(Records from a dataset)
"""

Lemma rect_integral_polar_analytic_ordered x1 x2 y1 y2 : 0 < x1 < x2 -> y1 < y2 ->
  rect_integral h g x1 x2 y1 y2 = 0.
Proof.
  intros Hx Hy. apply Rabs_le_all_eps_eq_0. intros eps Heps.
  set (W := x2 - x1). set (H := y2 - y1).
  assert (HW : 0 < W) by (unfold W; lra). assert (HH : 0 < H) by (unfold H; lra).
  set (k := eps / (W * H)).
  assert (Hk : 0 < k) by (unfold k; apply Rdiv_lt_0_compat; nra).
  replace eps with (k * (x2 - x1) * (y2 - y1)) by (unfold k, W, H; field; lra).
  apply (quadrisection (fun a b c d => Rabs (rect_integral h g a b c d) <= k * (b - a) * (d - c)));
    try lra.
  - intros a b' c d' Ha Hb Hc Hd xm ym I1 I2 I3 I4.
    rewrite (rect_integral_split h g continuous_on_H_polar_analytic a xm b' c ym d')
      by (unfold xm; lra).
    pose proof (Rabs_triang (rect_integral h g a xm c ym + rect_integral h g xm b' c ym
      + rect_integral h g a xm ym d') (rect_integral h g xm b' ym d')).
    pose proof (Rabs_triang (rect_integral h g a xm c ym + rect_integral h g xm b' c ym)
      (rect_integral h g a xm ym d')).
    pose proof (Rabs_triang (rect_integral h g a xm c ym) (rect_integral h g xm b' c ym)).
    assert (k * (xm - a) * (ym - c) + k * (b' - xm) * (ym - c) + k * (xm - a) * (d' - ym)
      + k * (b' - xm) * (d' - ym) = k * (b' - a) * (d' - c)) by (unfold xm, ym; field).
    lra.
  - intros X Y HX HY.
    destruct (rect_integral_local X Y (k * (W * H) / (W + H) ^ 2)) as [delta [Hdelta Hloc]];
      [lra|apply Rdiv_lt_0_compat; [apply Rmult_lt_0_compat; nra|apply pow_lt; lra]|].
    exists delta. split; [exact Hdelta|]. intros a b' c d' Ha Hb Hc Hd Hsim Hwd Hhd.
    eapply Rle_trans; [apply Hloc; lra|]. apply Req_le.
    fold W H in Hsim.
    assert (Key : (b' - a + (d' - c)) ^ 2 * (W * H) = (b' - a) * (d' - c) * (W + H) ^ 2).
    { apply Rminus_diag_uniq.
      replace ((b' - a + (d' - c)) ^ 2 * (W * H) - (b' - a) * (d' - c) * (W + H) ^ 2)
        with (((b' - a) * H - (d' - c) * W) * ((b' - a) * W - (d' - c) * H)) by ring.
      rewrite Hsim. ring. }
    replace (k * (W * H) / (W + H) ^ 2 * (b' - a + (d' - c)) ^ 2)
      with (k * ((b' - a + (d' - c)) ^ 2 * (W * H)) / (W + H) ^ 2) by (field; lra).
    rewrite Key. field. lra.
Qed.

Lemma rect_integral_polar_analytic x1 x2 y1 y2 : 0 < x1 -> 0 < x2 ->
  rect_integral h g x1 x2 y1 y2 = 0.
Proof.
  intros H1 H2.
  assert (Hdeg_x : forall x y1 y2, rect_integral h g x x y1 y2 = 0)
    by (intros; unfold rect_integral; rewrite !RInt_point; unfold zero; simpl; ring).
  assert (Hdeg_y : forall x1 x2 y, rect_integral h g x1 x2 y y = 0)
    by (intros; unfold rect_integral; rewrite !(RInt_point y); unfold zero; simpl; ring).
  assert (Hx : forall y1 y2, y1 < y2 -> rect_integral h g x1 x2 y1 y2 = 0).
  { intros y1' y2' Hy. destruct (Rtotal_order x1 x2) as [Hlt|[->|Hgt]].
    - apply rect_integral_polar_analytic_ordered; lra.
    - apply Hdeg_x.
    - rewrite <- Ropp_0, <- (rect_integral_polar_analytic_ordered x2 x1 y1' y2') by lra.
      apply rect_integral_swap_r; [exact continuous_on_H_polar_analytic|lra|lra]. }
  destruct (Rtotal_order y1 y2) as [Hlt|[->|Hgt]]; [apply Hx, Hlt|apply Hdeg_y|].
  rewrite rect_integral_swap_th, Hx by (try exact continuous_on_H_polar_analytic; lra). ring.
Qed.


Definition primitive (r t : R) : R := RInt (fun s => h s 0) 1 r + RInt (fun y => g r y) 0 t.

Lemma primitive_sub r0 t0 r t : 0 < r0 -> 0 < r ->
  primitive r t - primitive r0 t0 = RInt (fun y => g r0 y) t0 t + RInt (fun s => h s t) r0 r.
Proof.
  intros H0 H1. pose proof (rect_integral_polar_analytic r0 r 0 t H0 H1) as Hrect.
  pose proof continuous_on_H_polar_analytic as Hc.
  unfold rect_integral in Hrect. unfold primitive.
  rewrite <- (RInt_Chasles (V := R_CompleteNormedModule) (fun s => h s 0) 1 r0 r)
    by (apply (ex_RInt_radial h g Hc); lra).
  rewrite <- (RInt_Chasles (V := R_CompleteNormedModule) (fun y => g r0 y) 0 t0 t) in Hrect
    by (apply (ex_RInt_angular h g Hc); lra).
  unfold plus in *; simpl in *. lra.
Qed.

Lemma primitive_differentiable r0 t0 : 0 < r0 ->
  differentiable_pt_lim primitive r0 t0 (h r0 t0) (g r0 t0).
Proof.
  intros H0 eps.
  destruct (continuous_on_H_polar_analytic r0 t0 H0) as [Ch Cg].
  destruct (Ch (pos_div_2 eps)) as [d1 Hd1]. destruct (Cg (pos_div_2 eps)) as [d2 Hd2].
  assert (Hd : 0 < Rmin (Rmin d1 d2) (r0 / 2))
    by (repeat apply Rmin_pos; try apply cond_pos; lra).
  exists (mkposreal _ Hd). simpl. intros u v Hu Hv.
  pose proof (Rmin_l (Rmin d1 d2) (r0 / 2)); pose proof (Rmin_r (Rmin d1 d2) (r0 / 2)).
  pose proof (Rmin_l d1 d2); pose proof (Rmin_r d1 d2).
  assert (Hu0 : 0 < u) by (apply Rabs_def2 in Hu; lra).
  rewrite primitive_sub by assumption.
  assert (Q1 : Rabs (RInt (fun y => g r0 y) t0 v - g r0 t0 * (v - t0)) <= Rabs (v - t0) * (eps / 2)).
  { apply RInt_sub_const_le; [apply (ex_RInt_angular h g continuous_on_H_polar_analytic); lra|].
    intros y Hy. left. apply Hd2; [rewrite Rminus_diag, Rabs_R0; apply cond_pos|].
    pose proof (Rabs_sub_le_between t0 v y Hy). lra. }
  assert (Q2 : Rabs (RInt (fun s => h s v) r0 u - h r0 t0 * (u - r0)) <= Rabs (u - r0) * (eps / 2)).
  { apply RInt_sub_const_le; [apply (ex_RInt_radial h g continuous_on_H_polar_analytic); lra|].
    intros s Hs. left. apply Hd1; [|lra].
    pose proof (Rabs_sub_le_between r0 u s Hs). lra. }
  pose proof (Rabs_triang (RInt (fun y => g r0 y) t0 v - g r0 t0 * (v - t0))
                          (RInt (fun s => h s v) r0 u - h r0 t0 * (u - r0))).
  pose proof (Rmax_l (Rabs (u - r0)) (Rabs (v - t0))). pose proof (Rmax_r (Rabs (u - r0)) (Rabs (v - t0))).
  destruct eps as [e He]; simpl in *.
  replace (RInt (fun y => g r0 y) t0 v + RInt (fun s => h s v) r0 u
           - (h r0 t0 * (u - r0) + g r0 t0 * (v - t0)))
    with ((RInt (fun y => g r0 y) t0 v - g r0 t0 * (v - t0))
          + (RInt (fun s => h s v) r0 u - h r0 t0 * (u - r0))) by ring.
  nra.
Qed.

End PolarAnalyticForm.

Lemma RInt_eq_sub_of_derive (G dG : R -> R) u v : u < v ->
  (forall x, u < x < v -> derivable_pt_lim G x (dG x)) ->
  (forall x, u <= x <= v -> continuity_pt G x) ->
  (forall x, continuity_pt dG x) ->
  RInt dG u v = G v - G u.
Proof.
  intros Huv HD HC Hd.
  assert (HI : forall x, is_derive (fun y => RInt dG u y) x (dG x)).
  { intro x. apply (is_derive_RInt (V := R_NormedModule) dG (fun y => RInt dG u y) u x); [|apply continuity_pt_filterlim, Hd].
    apply filter_forall. intro y. apply (RInt_correct (V := R_CompleteNormedModule) dG u y).
    apply (ex_RInt_continuous (V := R_CompleteNormedModule)).
    intros z _. apply continuity_pt_filterlim, Hd. }
  destruct (MVT_gen (fun x => G x - RInt dG u x) u v (fun _ => 0)) as [c [_ Hc]].
  - intros x Hx. rewrite Rmin_left, Rmax_right in Hx by lra.
    pose proof (is_derive_minus (K := R_AbsRing) (V := R_NormedModule) _ _ x _ _
      (proj2 (is_derive_Reals _ _ _) (HD x Hx)) (HI x)) as D.
    rewrite minus_eq_zero in D. exact D.
  - intros x Hx. rewrite Rmin_left, Rmax_right in Hx by lra. apply continuity_pt_minus.
    + apply HC, Hx.
    + apply continuity_pt_filterlim, (ex_derive_continuous (K := R_AbsRing) (V := R_NormedModule)).
      eexists. apply HI.
  - rewrite RInt_point in Hc. unfold zero in Hc; simpl in Hc. lra.
Qed.

Definition clamp (u v t : R) : R := Rmax u (Rmin t v).

Lemma clamp_in u v t : u <= v -> u <= clamp u v t <= v.
Proof. intro H. unfold clamp, Rmax, Rmin. repeat destruct Rle_dec; lra. Qed.

Lemma clamp_id u v t : u <= t <= v -> clamp u v t = t.
Proof. intro H. unfold clamp, Rmax, Rmin. repeat destruct Rle_dec; lra. Qed.

Lemma clamp_lipschitz u v s t : u <= v -> Rabs (clamp u v s - clamp u v t) <= Rabs (s - t).
Proof.
  intro H. unfold clamp, Rmax, Rmin. repeat destruct Rle_dec; unfold Rabs;
    repeat destruct Rcase_abs; lra.
Qed.

Section ClampedC1.
Variables (g dg : R -> R) (u v : R).
Hypothesis Huv : u < v.
Hypothesis Hg : C1_on g dg u v.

"""

▶ _YOUR ASSIGNMENT_: Only the lines from the one with "repeat destruct Rcase_abs; lra." through the last line above should be restated, word for word.

▶ _SOLUTION FOR THIS PROBLEM_:
    repeat destruct Rcase_abs; lra.
Qed.

Section ClampedC1.
Variables (g dg : R -> R) (u v : R).
Hypothesis Huv : u < v.
Hypothesis Hg : C1_on g dg u v.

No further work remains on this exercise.